Face it, Paris Hilton is our cultural Zeitgeist. Even if you've never seen one of her "movies" or heard one of her "songs," you know who she is. The question is: why?
Theresa Rebeck's play "The Scene," now at the Lyric Stage Company of Boston, explores the ramifications of this overwhelming fascination with meaninglessness, taking on what she sees as America's cultural disintegration in the form of leggy vapidity. Part clichéd melodrama and part social polemic, "The Scene" is ultimately an ironic love letter to a culture deeply invested in the art of self-absorption, albeit one that offers minimal insight into the problem.
Charlie, an out-of-work actor in New York City (when was the last time you heard of a play about a successful, working actor?), finds himself disillusioned with the prospect of playing the games necessary for success in showbiz. Like any other rational middle-aged schlub, he is tempted by the beguiling blonde Clea and soon leaves his hardworking wife in order to shack up with a beautiful idiot.
In other words, this is a play about narcissism on a grand scale. One might even call it an ode to whining, since that is what the characters spend most of their on-stage time doing. As Charlie, Boston theatrical force Jeremiah Kissel, who is wise to leave last year's dismal "Persephone" off his resume, does an admirable job bringing to life a character whose disappointment in all aspects of his life is palpable.

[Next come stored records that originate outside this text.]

Lemma euler_step_zsum n k i d t : vanishes_outside i d ->
  ex_derive (fun t => zsum (- Z.of_nat i) (2 * i) (fun j => d j * v n (Z.of_nat k + j) t)) t /\
  t * Derive (fun t => zsum (- Z.of_nat i) (2 * i) (fun j => d j * v n (Z.of_nat k + j) t)) t =
  zsum (- Z.of_nat (S i)) (2 * S i) (fun j => euler_step n k d j * v n (Z.of_nat k + j) t).
Proof.
  intros Hd.
  set (l := fun j => (Z.of_nat k + j)%Z).
  set (up := fun j => (INR n + 1) * (IZR (l j) + 1) * d j * v n (l j + 1) t).
  set (mid := fun j => - (INR n + 1) * (1 + alpha n) * d j * v n (l j) t).
  set (down := fun j => - (INR n + 1) * (IZR (l j) + alpha n) * d j * v n (l j - 1) t).
  assert (Hex : forall j, ex_derive (fun t => d j * v n (l j) t) t)
    by (intros j; apply ex_derive_scal, euler_v).
  destruct (euler_zsum (fun j t => d j * v n (l j) t) (- Z.of_nat i) (2 * i) t Hex) as [Hex' Heq].
  split; [exact Hex'|]; rewrite Heq; clear Heq.
  rewrite (zsum_ext _ _ _ (fun j => up j + mid j + down j)).
  2:{ intros j; rewrite Derive_scal, Rmult_comm, Rmult_assoc, (Rmult_comm _ t).
      rewrite (proj2 (euler_v n (l j) t)); unfold up, mid, down; ring. }
  rewrite <- zsum_tridiag by (intros j Hj; unfold up, mid, down; rewrite Hd by lia; ring).
  apply zsum_ext; intros j; unfold up, mid, down, l, euler_step.
  replace (Z.of_nat k + (j - 1) + 1)%Z with (Z.of_nat k + j)%Z by lia.
  replace (Z.of_nat k + (j + 1) - 1)%Z with (Z.of_nat k + j)%Z by lia.
  replace (IZR (Z.of_nat k + (j - 1))) with (IZR (Z.of_nat k + j) - 1)
    by (rewrite <- minus_IZR; f_equal; lia).
  replace (IZR (Z.of_nat k + (j + 1))) with (IZR (Z.of_nat k + j) + 1)
    by (rewrite <- plus_IZR; f_equal; lia).
  ring.
Qed.

Lemma euler_iter_v n k i t :
  euler_iter i (v n (Z.of_nat k)) t =
  zsum (- Z.of_nat i) (2 * i) (fun j => euler_coef n k i j * v n (Z.of_nat k + j) t).
Proof.
  revert t; induction i as [|i IH]; intros t.
  - unfold zsum; rewrite sum_O; cbn; rewrite Z.add_0_r; ring.
  - change (euler_iter (S i) (v n (Z.of_nat k)) t)
      with (t * Derive (euler_iter i (v n (Z.of_nat k))) t).
    rewrite (Derive_ext _ _ t IH), euler_coef_succ.
    apply euler_step_zsum, euler_coef_vanishes.
Qed.

Lemma zsum_v_recenter n k i d t :
  zsum (- Z.of_nat i) (2 * i) (fun j => d j * v n (Z.of_nat k + j) t) =
  zsum (Z.of_nat k - Z.of_nat i) (2 * i) (fun l => d (l - Z.of_nat k)%Z * v n l t).
Proof.
  replace (Z.of_nat k - Z.of_nat i)%Z with (- Z.of_nat i + Z.of_nat k)%Z by lia.
  rewrite <- zsum_shift; apply zsum_ext; intros j.
  replace (j + Z.of_nat k - Z.of_nat k)%Z with j by lia; rewrite Z.add_comm; reflexivity.
Qed.

Lemma zsum_v_truncate n k i d t (lo := Nat.max (k - i) 0) : vanishes_outside i d ->
  zsum (Z.of_nat k - Z.of_nat i) (2 * i) (fun l => d (l - Z.of_nat k)%Z * v n l t) =
  zsum (Z.of_nat lo) (k + i - lo) (fun l => d (l - Z.of_nat k)%Z * v n l t).
Proof.
  intros Hd; apply zsum_widen; [lia | lia |].
  intros l Hl; destruct (Z_lt_le_dec l 0) as [Hneg | Hnneg].
  - rewrite v_neg by exact Hneg; ring.
  - rewrite Hd by lia; ring.
Qed.

Theorem lemma5p1 (n : nat) :
  (* first-order identities *)
  (forall (k : nat) (t : R), (1 <= k)%nat ->
     ex_derive (v n (Z.of_nat k)) t /\
     t * Derive (v n (Z.of_nat k)) t =
       (INR n + 1) * ((INR k + 1) * v n (Z.of_nat k + 1) t
                      - (1 + alpha n) * v n (Z.of_nat k) t
                      - (INR k + alpha n) * v n (Z.of_nat k - 1) t)) /\
  (forall t : R,
     ex_derive (v n 0) t /\
     t * Derive (v n 0) t = (INR n + 1) * (v n 1 t - (1 + alpha n) * v n 0 t)) /\
  (* higher-order expansion with coefficients delta^{k,i}_j, j = -i..i *)
  (exists C : R, 0 < C /\
     forall i k : nat, exists delta : Z -> R,
       (forall t : R,
          euler_iter i (v n (Z.of_nat k)) t =
            sum_n (fun m => delta (Z.of_nat m - Z.of_nat i)%Z
                            * v n (Z.of_nat k + Z.of_nat m - Z.of_nat i)%Z t) (2 * i)
          /\
          euler_iter i (v n (Z.of_nat k)) t =
            sum_n (fun m => delta (Z.of_nat (Nat.max (k - i) 0 + m) - Z.of_nat k)%Z
                            * v n (Z.of_nat (Nat.max (k - i) 0 + m)) t)
                  (k + i - Nat.max (k - i) 0)) /\
       delta (Z.of_nat i) = (INR n + 1) ^ i * (INR (fact (k + i)) / INR (fact k)) /\
       (forall j : Z, (- Z.of_nat i <= j <= Z.of_nat i)%Z ->
          Rabs (delta j) <= C ^ i * (INR (fact (k + i)) / INR (fact k)))).
Proof.
  split; [|split].
  - intros k t _; rewrite (INR_IZR_INZ k); apply euler_v.
  - intros t; destruct (euler_v n 0 t) as [Hex Heq]; split; [exact Hex|].
    rewrite Heq, (v_neg n (0 - 1)) by lia; simpl; ring.
  - exists (6 * (INR n + 1)); split; [pose proof (pos_INR n); lra|].
    intros i k; exists (euler_coef n k i).
    split; [|split; [apply euler_coef_top | intros j _; apply euler_coef_bound]].
    intros t; rewrite euler_iter_v; split.
    + unfold zsum; apply sum_n_ext_R; intros m _.
      replace (- Z.of_nat i + Z.of_nat m)%Z with (Z.of_nat m - Z.of_nat i)%Z by lia.
      replace (Z.of_nat k + (Z.of_nat m - Z.of_nat i))%Z
        with (Z.of_nat k + Z.of_nat m - Z.of_nat i)%Z by lia.
      reflexivity.
    + rewrite zsum_v_recenter, zsum_v_truncate by apply euler_coef_vanishes.
      unfold zsum; apply sum_n_ext_R; intros m _; rewrite Nat2Z.inj_add; reflexivity.
Qed.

There are times when his portrayal seems distinctly one-note, or at least a little too obvious. For most of the play, he is at an extreme level of anger that seems too superficial for a supposedly sensitive artist. His wife, Stella, is also too simply constructed, which becomes explicit as she becomes the emasculating force in Charlie's life.
If this all seems like timeworn subject matter, that's because it is. It is no longer provocative for a woman to work and even to earn more money than her husband, although it may very well be quite rare. Adultery is no longer sexy, either. This is not 1965; we know it happens every day, and the way in which this play sensationalizes the relationship between Charlie and Clea reeks of passé dogma. It may titillate the octogenarian contingent that is an admittedly large presence on the Boston theater scene, but the few awkwardly-inserted scenes of simulated comic sex add little to the story.

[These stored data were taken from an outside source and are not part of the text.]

Theorem lemma1 (R : realType) (n m : nat) (e : 'I_m -> 'I_n * 'I_n)
  (Hsimple : simple_graph e) (Hconn : connected_graph e)
  (W : 'M[R]_m) (HW : posdiag W) (E : 'M[R]_n) (HE : posdiag E)
  (p q : nat) (F : 'M[R]_(n, p)) (H : 'M[R]_(q, n))
  (r : nat) (c : 'I_n -> 'I_r) (Hc : clustering c)
  (alpha beta : R) :
  let D := incidence R e in
  let Pi := char_mx R c in
  let Dh := red_incidence Pi D in
  forall (Wh : 'M[R]_(size (red_cols Pi D))) (Eh : 'M[R]_r),
    posdiag Wh -> posdiag Eh ->
    alpha * beta = \tr Eh / \tr E ->
    BIBO_stable
      (fun s => Sigma_dom D W E s && Sigma_hat_dom Dh Wh Eh s)
      (fun s => Sigma_tf D W E F H s - Sigma_hat_tf Pi Dh Wh Eh F H alpha beta s).
Proof.
move=> D Pi Dh Wh Eh HWh HEh ab s0 s0_pole.
rewrite real_ltNge ?Creal_Re //; apply/negP => Re_s0_ge0; apply: s0_pole.
have [n0 | n_gt0] := posnP n.
  have H0 : H = 0.
    apply/matrixP=> i j; suff : (j < 0)%N by rewrite ltn0.
    by rewrite -n0.
  move=> i j; exists 0, 1; split=> [|s _]; first by rewrite hornerC oner_eq0.
  rewrite /Sigma_tf /Sigma_hat_tf /tf H0 mul0mx scaler0 !cmx0 !mul0mx subrr.
  by rewrite mxE hornerC horner0 mulr1.
have r_gt0 : (0 < r)%N := leq_ltn_trans (leq0n _) (ltn_ord (c (Ordinal n_gt0))).
have loopless := proj1 Hsimple.
have trE_inv : (\tr E)^-1 = alpha * beta * (\tr Eh)^-1.
  by rewrite ab mulrAC divff ?mul1r ?posdiag_tr_neq0.
have res_eq : residue_at0 E F H =
              (alpha * beta) *: residue_at0 Eh (Pi^T *m F) (H *m Pi).
  by rewrite /residue_at0 scalerA -trE_inv -(char_mx_const_trmx R c) !mulmxA.
apply: (eq_regular_at (G1 := fun s => tf_minus_residue D W E F H s -
  ((alpha * beta)%:C)%C *: tf_minus_residue Dh Wh Eh (Pi^T *m F) (H *m Pi) s)).
  move=> s _; rewrite /tf_minus_residue /Sigma_hat_tf tf_scale res_eq cmxZ.
  by rewrite scalerBr !scalerA mulrC opprB addrA subrK.
apply: regular_atB; last apply: regular_atZ.
all: apply: tf_minus_residue_regular => //.
- exact: const_incidence.
- exact: incidence_left_kernel.
- exact: const_red_incidence.
- exact: red_incidence_left_kernel.
Qed.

Actually, they do add something quite important, namely the music playing over the sex scene: Paris Hilton's version of "Do You Think I'm Sexy?" It serves to bring the connection between Clea and the publicity-hogging heiress to the foreground. Clea starts out as a caricature of effervescent vulgarity, rattling off empty buzzwords like "reactionary" and incorrectly using "surreal."
Georgia Lyman is utterly incandescent as the deceptively profound Clea, managing a feat of nuance that is quite special. From the very first words of the play, spoken in her high-pitched, neo-Valley Girl parlance, Lyman holds the audience in rapt astonishment as she unveils Clea's dark core. Happily, she avoids a simple "pretty girls can be smart" moral that is distinctly Witherspoonian by making the dichotomy murky at best. We can never fully dismiss Clea as an airhead, just as we cannot fully embrace her oddly insightful bon mots.

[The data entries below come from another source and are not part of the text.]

(** values of all endogenous variables given the latents, computed along the
    topological order ([N] rounds suffice) *)
Definition state (z : lats) : vals :=
  iter (N M) (fun (v : vals) (k : 'I_(N M)) => feq k z v) (fun k => 0).

Definition state_do (S : {set 'I_(N M)}) (w : vals) (z : lats) : vals :=
  iter (N M) (fun (v : vals) (k : 'I_(N M)) => if k \in S then w k else feq k z v)
       (fun k => 0).

(** tuples of values indexed by a set [S] of endogenous variables are encoded
    as assignments that vanish outside [S] *)
Definition restrict (S : {set 'I_(N M)}) (v : vals) : vals :=
  fun k => if k \in S then v k else 0.

Definition glue (S : {set 'I_(N M)}) (v w : vals) : vals :=
  fun k => if k \in S then w k else v k.

Definition gM (z : lats) : 'rV[R]_(dy M) := fy (state z).

(** Y(v) for a tuple v of values of the layer l; the latents are irrelevant
    when l is a layer, we use the point lo of Z. *)
Definition Ylay (l : {set 'I_(N M)}) (w : vals) : 'rV[R]_(dy M) :=
  fy (state_do l w (\row_i lo i)).

Definition Yset : set 'rV[R]_(dy M) := gM @` Zset.

Definition Vset (F : {set 'I_(N M)}) : set vals :=
  [set restrict F (state z) | z in Zset].

Definition lay (l : {set 'I_(N M)}) (z : lats) : vals := restrict l (state z).

End CGMDefs.

Arguments Zset {R} M.
Arguments Yset {R} M.
Arguments vals {R} M.
Arguments lats {R} M.

Definition embedding_on {T U : topologicalType} (A : set T) (f : T -> U) : Prop :=
  [/\ (forall x y, A x -> A y -> f x = f y -> x = y),
      {within A, continuous f} &
      exists g : U -> T, (forall x, A x -> g (f x) = x) /\
                         {within f @` A, continuous g}].

Definition embedded (R : realType) (M : CGM R) : Prop :=
  embedding_on (Zset M) (@gM R M) /\
  forall l : {set 'I_(N M)}, layer l ->
    embedding_on (Vset l) (Ylay l).

Definition endomorphism {T : topologicalType} (A : set T) (f : T -> T) : Prop :=
  (forall x, A x -> A (f x)) /\ {within A, continuous f}.

Definition intrinsically_disentangled (R : realType) (M : CGM R)
    (l E : {set 'I_(N M)}) (T : 'rV[R]_(dy M) -> 'rV[R]_(dy M)) : Prop :=
  endomorphism (Yset M) T /\
  exists T' : vals M -> vals M,
    (forall w k, k \notin E -> T' w k = w k) /\
    (forall z, Zset M z -> T (Ylay l (lay l z)) = Ylay l (T' (lay l z))).

(** T' : (v~, v) |-> (v~, T^E v) *)
Definition Tprime (R : realType) (M : CGM R) (E : {set 'I_(N M)})
    (TE : vals M -> vals M) (w : vals M) : vals M :=
  glue E w (TE (restrict E w)).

She is a marvelous (and hilarious) conundrum. What both Lyman and Rebeck have created is nothing short of an iconic role, a sort of Queen Elizabeth I for the 21st century. As Stella puts it, "She looks good in black and can't speak the English language. She'll go far in New York."
Julie Jirousek and Barlow Adamson, who play Charlie's wife and best friend, respectively, are the clear weak links in the cast. As the buddy who eventually comes to the rescue of the heartbroken Stella, Lewis is a pitifully thankless role; he is given no backstory and no big speech. Still, Adamson commits the cardinal sin of being too prepared, as more than once he waits quite obviously for his lines. What's more, he is hopelessly bland, a practical non-entity on stage.
That the play ends without answering the question of Clea's appeal is both frustrating and the only real choice, for it is up to the viewer to decide where her power lies. At best, she is a powerfully emblematic icon, and at worst, an entertaining caricature. For an entertaining showcase for this persona, one could do worse than "The Scene."